DATA SHOWN:
Lemma certificate_of_multipliers (a1 a2 : 'cV[R]_l) (w : 'cV[R]_n) :
  dual_cone K a1 -> dual_cone K a2 ->
  G^T *m a1 = - (Q^T *m w) -> Gi^T *m a2 = Qi^T *m w ->
  0 < dotv w (p - pi) - dotv a1 g - dotv a2 gi ->
  exists lam nu : 'cV[R]_l,
     [/\ dual_cone K lam, dual_cone K nu,
         - dotv lam (G *m Q^T *m (p - pi) + g) - dotv nu gi > 0,
         norm2 (lam^T *m G *m Q^T) <= 1
       & lam^T *m G *m Q^T = - (nu^T *m Gi *m Qi^T)].
Proof.
move=> a1_dual a2_dual a1_stat a2_stat val_gt0.
have [QQT QiQiT] := (mulmx1C QTQ, mulmx1C QiTQi).
set t := (1 + norm2 w)^-1.
have t_gt0 : 0 < t by rewrite invr_gt0 ltr_wpDr // norm2_cV sqrtr_ge0.
have lamE : (t *: a1)^T *m G *m Q^T = (- (t *: w))^T.
  apply: trmx_inj; rewrite !trmx_mul !trmxK -!scalemxAr a1_stat mulmxN mulmxA QQT mul1mx.
  by rewrite scalerN.
have nuE : (t *: a2)^T *m Gi *m Qi^T = (t *: w)^T.
  by apply: trmx_inj; rewrite !trmx_mul !trmxK -!scalemxAr a2_stat mulmxA QiQiT mul1mx.
have a1_pE : dotv a1 (G *m Q^T *m (p - pi)) = - dotv w (p - pi).
  by rewrite dotv_mulmxr trmx_mul trmxK -mulmxA a1_stat mulmxN mulmxA QQT mul1mx dotvNl.
exists (t *: a1), (t *: a2); split.
- exact: dual_coneZ (ltW t_gt0) a1_dual.
- exact: dual_coneZ (ltW t_gt0) a2_dual.
- rewrite !dotvZl dotvDr a1_pE; have := mulr_gt0 t_gt0 val_gt0; lra.
- rewrite lamE norm2_rV trmxK sqnormN sqnormZ sqrtrM ?sqr_ge0 // sqrtr_sqr.
  rewrite (ger0_norm (ltW t_gt0)) -norm2_cV /t mulrC.
  rewrite ler_pdivrMr ?ltr_wpDr ?norm2_cV ?sqrtr_ge0 //.
  by rewrite mul1r lerDr.
- by rewrite lamE nuE linearN.
Qed.

End Certificate.

Lemma certificate_of_dist_pos (R : realType) l n (K : set 'cV[R]_l)
  (G Gi : 'M[R]_(l, n)) (g gi : 'cV[R]_l) (Q Qi : 'M[R]_n) (p pi : 'cV[R]_n) :
  proper_cone K ->
  conic_set K G g !=set0 -> compact (conic_set K G g) ->
  conic_set K Gi gi !=set0 -> compact (conic_set K Gi gi) ->
  Q^T *m Q = 1%:M -> Qi^T *m Qi = 1%:M ->
  0 < set_dist (placed_set K G g Q p) (placed_set K Gi gi Qi pi) ->
  exists lam nu : 'cV[R]_l,
     [/\ dual_cone K lam, dual_cone K nu,
         - dotv lam (G *m Q^T *m (p - pi) + g) - dotv nu gi > 0,
         norm2 (lam^T *m G *m Q^T) <= 1
       & lam^T *m G *m Q^T = - (nu^T *m Gi *m Qi^T)].
Proof.
move=> K_proper S_ne S_compact Si_ne Si_compact QTQ QiTQi dist_gt0.
have [[[y1 k1] [y2 k2]] [/= Kk1 Kk2] x_min] :=
  penalty_has_min Q Qi p pi K_proper S_ne S_compact Si_ne Si_compact.
apply: (@certificate_of_multipliers _ _ _ _ _ _ _ _ _ _ _ _ QTQ QiTQi
  (G *m y1 + k1 - g) (Gi *m y2 + k2 - gi) (Q *m y1 + p - (Qi *m y2 + pi))).
- exact (penalty_min_dual1 K_proper Kk1 Kk2 x_min).
- exact (penalty_min_dual2 K_proper Kk1 Kk2 x_min).
- exact: penalty_min_stationary1 Kk1 Kk2 x_min.
- exact: penalty_min_stationary2 Kk1 Kk2 x_min.
- apply: lt_le_trans (penalty_min_value K_proper Kk1 Kk2 x_min).
  exact: penalty_min_gt0 Kk1 Kk2 dist_gt0.
Qed.

Theorem proposition1 (R : realType) (l n : nat) (K : set 'cV[R]_l)
  (G Gi : 'M[R]_(l, n)) (g gi : 'cV[R]_l) (Q Qi : 'M[R]_n) (p pi : 'cV[R]_n) :
  proper_cone K ->
  conic_set K G g !=set0 -> convex_set (conic_set K G g) ->
  compact (conic_set K G g) ->
  conic_set K Gi gi !=set0 -> convex_set (conic_set K Gi gi) ->
  compact (conic_set K Gi gi) ->
  rotation Q -> rotation Qi ->
  (0 < set_dist (placed_set K G g Q p) (placed_set K Gi gi Qi pi) <->
   exists lam nu : 'cV[R]_l,
     [/\ dual_cone K lam, dual_cone K nu,
         - dotv lam (G *m Q^T *m (p - pi) + g) - dotv nu gi > 0,
         norm2 (lam^T *m G *m Q^T) <= 1
       & lam^T *m G *m Q^T = - (nu^T *m Gi *m Qi^T)]).
Proof.
(* Convexity of the conic sets is automatic, and of the rotations only Q^T Q = 1 is used. *)
move=> K_proper S_ne _ S_compact Si_ne _ Si_compact [QTQ _] [QiTQi _]; split.
  exact: certificate_of_dist_pos.
exact: dist_pos_of_certificate.
Qed.
Lemma size_revcomp v : size (revcomp comp v) = size v.
Proof. by rewrite size_rev size_map. Qed.

Lemma rc_dupE k j x :
  rc_dup comp k j x = take (j + k) x ++ revcomp comp (take k (drop j x)) ++ drop (j + k) x.
Proof. by rewrite /rc_dup catA -takeD. Qed.

Lemma size_rc_dup k j x : j + k <= size x -> size (rc_dup comp k j x) = size x + k.
Proof.
move=> le_jk; rewrite rc_dupE !size_cat size_revcomp size_drop !size_takel ?size_drop; lia.
Qed.

Lemma rc_dupK k j x : j + k <= size x -> del_block (j + k) k (rc_dup comp k j x) = x.
Proof.
move=> le_jk; rewrite /del_block rc_dupE.
have size_u : size (take (j + k) x) = j + k by rewrite size_takel.
have size_v : size (revcomp comp (take k (drop j x))) = k.
  by rewrite size_revcomp size_takel // size_drop; lia.
rewrite take_size_cat // drop_cat size_u ltnNge leq_addr /= addKn.
by rewrite drop_size_cat // cat_take_drop.
Qed.

Lemma rc_pal_rc_dup k j x : j + k <= size x -> rc_pal (rc_dup comp k j x) (j + k) k.
Proof.
move=> le_jk; rewrite /rc_pal /rc_dup addnK.
have size_u : size (take j x) = j by rewrite size_takel //; lia.
have size_v : size (take k (drop j x)) = k by rewrite size_takel // size_drop; lia.
rewrite drop_cat size_u ltnNge leq_addr /= addKn !drop_size_cat //.
by rewrite !take_size_cat ?size_revcomp.
Qed.

Lemma nth_rc_pal a0 y c k i : rc_pal y c k -> k <= c -> c + k <= size y -> i < k ->
  nth a0 y (c + i) = comp (nth a0 y (c - i.+1)).
Proof.
move=> /eqP pal le_kc le_ck lt_ik.
have size_v : size (take k (drop (c - k) y)) = k.
  by rewrite size_takel // size_drop; lia.
rewrite -nth_drop -(nth_take a0 lt_ik) pal nth_rev size_map size_v //.
rewrite (nth_map a0) ?size_v; last lia.
by rewrite nth_take ?nth_drop; [congr (comp (nth _ _ _)) |]; lia.
Qed.

Lemma size_erase_blocks a b k y : a <= b -> b + k <= size y ->
  size (erase_blocks a b k y) = size y - k - minn k (b - a).
Proof.
move=> le_ab le_bk.
by rewrite !size_cat !size_drop !size_takel //; lia.
Qed.

Lemma erase_blocks_inj a b k y y' : k <= a < b -> b + k <= size y -> size y = size y' ->
  rc_pal y a k -> rc_pal y b k -> rc_pal y' a k -> rc_pal y' b k ->
  erase_blocks a b k y = erase_blocks a b k y' -> y = y'.
Proof.
move=> /andP [le_ka lt_ab] le_bk eq_size pa pb pa' pb' /eqP.
rewrite /erase_blocks eqseq_cat; last by rewrite !size_take eq_size.
case/andP => /eqP eq_pre; rewrite eqseq_cat; last by rewrite !size_drop !size_take eq_size.
case/andP => /eqP eq_mid /eqP eq_suf.
have a0 : 'I_q.
  have : 0 < size y by lia.
  by case: (y).
apply: (eq_from_nth (x0 := a0)) => // + _; elim/ltn_ind => p IH.
case: (ltnP p a) => [lt_pa|le_ap]; first by rewrite -(nth_take a0 lt_pa) eq_pre nth_take.
case: (ltnP p (a + k)) => [lt_pak|le_akp].
  rewrite -(subnKC le_ap) (nth_rc_pal _ pa) ?(nth_rc_pal _ pa') ?IH // -?eq_size; lia.
case: (ltnP p b) => [lt_pb|le_bp].
  have nth_mid z : nth a0 z p = nth a0 (drop (a + k) (take b z)) (p - (a + k)).
    by rewrite nth_drop nth_take subnKC.
  by rewrite !nth_mid eq_mid.
case: (ltnP p (b + k)) => [lt_pbk|le_bkp].
  rewrite -(subnKC le_bp) (nth_rc_pal _ pb) ?(nth_rc_pal _ pb') ?IH // -?eq_size; lia.
by rewrite -(subnKC le_bkp) -!nth_drop eq_suf.
Qed.

Lemma card_rc_dup_pal n k j j' : 0 < q -> j + k <= n -> j' + k <= n -> j != j' ->
  #|[set x : n.-tuple 'I_q | rc_pal (rc_dup comp k j x) (j' + k) k]|
    <= q ^ (n - minn k `|j - j'|).
Proof.
move=> q_gt0 le_jk le_j'k neq_jj'.
set a := minn j j' + k; set b := maxn j j' + k; set L := n - minn k `|j - j'|.
have size_erase (x : n.-tuple 'I_q) : size (erase_blocks a b k (rc_dup comp k j x)) = L.
  rewrite size_erase_blocks ?size_rc_dup ?size_tuple /a /b /L; lia.
pose f (x : n.-tuple 'I_q) : L.-tuple 'I_q :=
  insubd (nseq_tuple L (Ordinal q_gt0)) (erase_blocks a b k (rc_dup comp k j x)).
rewrite -(card_in_imset (f := f)) => [|x x'].
  by apply: leq_trans (max_card _) _; rewrite card_tuple card_ord.
rewrite !inE => pal_x pal_x' /(congr1 val); rewrite !val_insubd !size_erase eqxx.
have size_x : j + k <= size x by rewrite size_tuple.
have size_x' : j + k <= size x' by rewrite size_tuple.
have pal2 (y : seq 'I_q) : rc_pal y (j + k) k -> rc_pal y (j' + k) k ->
    rc_pal y a k /\ rc_pal y b k.
  by rewrite /a /b; case: (leqP j j') => _.
have [pa pb] := pal2 _ (rc_pal_rc_dup size_x) pal_x.
have [pa' pb'] := pal2 _ (rc_pal_rc_dup size_x') pal_x'.
move=> eq_erase; apply: val_inj => /=.
rewrite -(rc_dupK size_x) -(rc_dupK size_x') (erase_blocks_inj _ _ _ pa pb pa' pb' eq_erase) //.
- by rewrite /a /b; lia.
- by rewrite size_rc_dup // size_tuple /b; lia.
- by rewrite !size_rc_dup // !size_tuple.
Qed.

EXERCISE DETAILS: The expected answer is every line above in which the word "case" appears.

EXERCISE ANSWER:
case/andP => /eqP eq_pre; rewrite eqseq_cat; last by rewrite !size_drop !size_take eq_size.
case/andP => /eqP eq_mid /eqP eq_suf.
  by case: (y).
case: (ltnP p a) => [lt_pa|le_ap]; first by rewrite -(nth_take a0 lt_pa) eq_pre nth_take.
case: (ltnP p (a + k)) => [lt_pak|le_akp].
case: (ltnP p b) => [lt_pb|le_bp].
case: (ltnP p (b + k)) => [lt_pbk|le_bkp].
  by rewrite /a /b; case: (leqP j j') => _.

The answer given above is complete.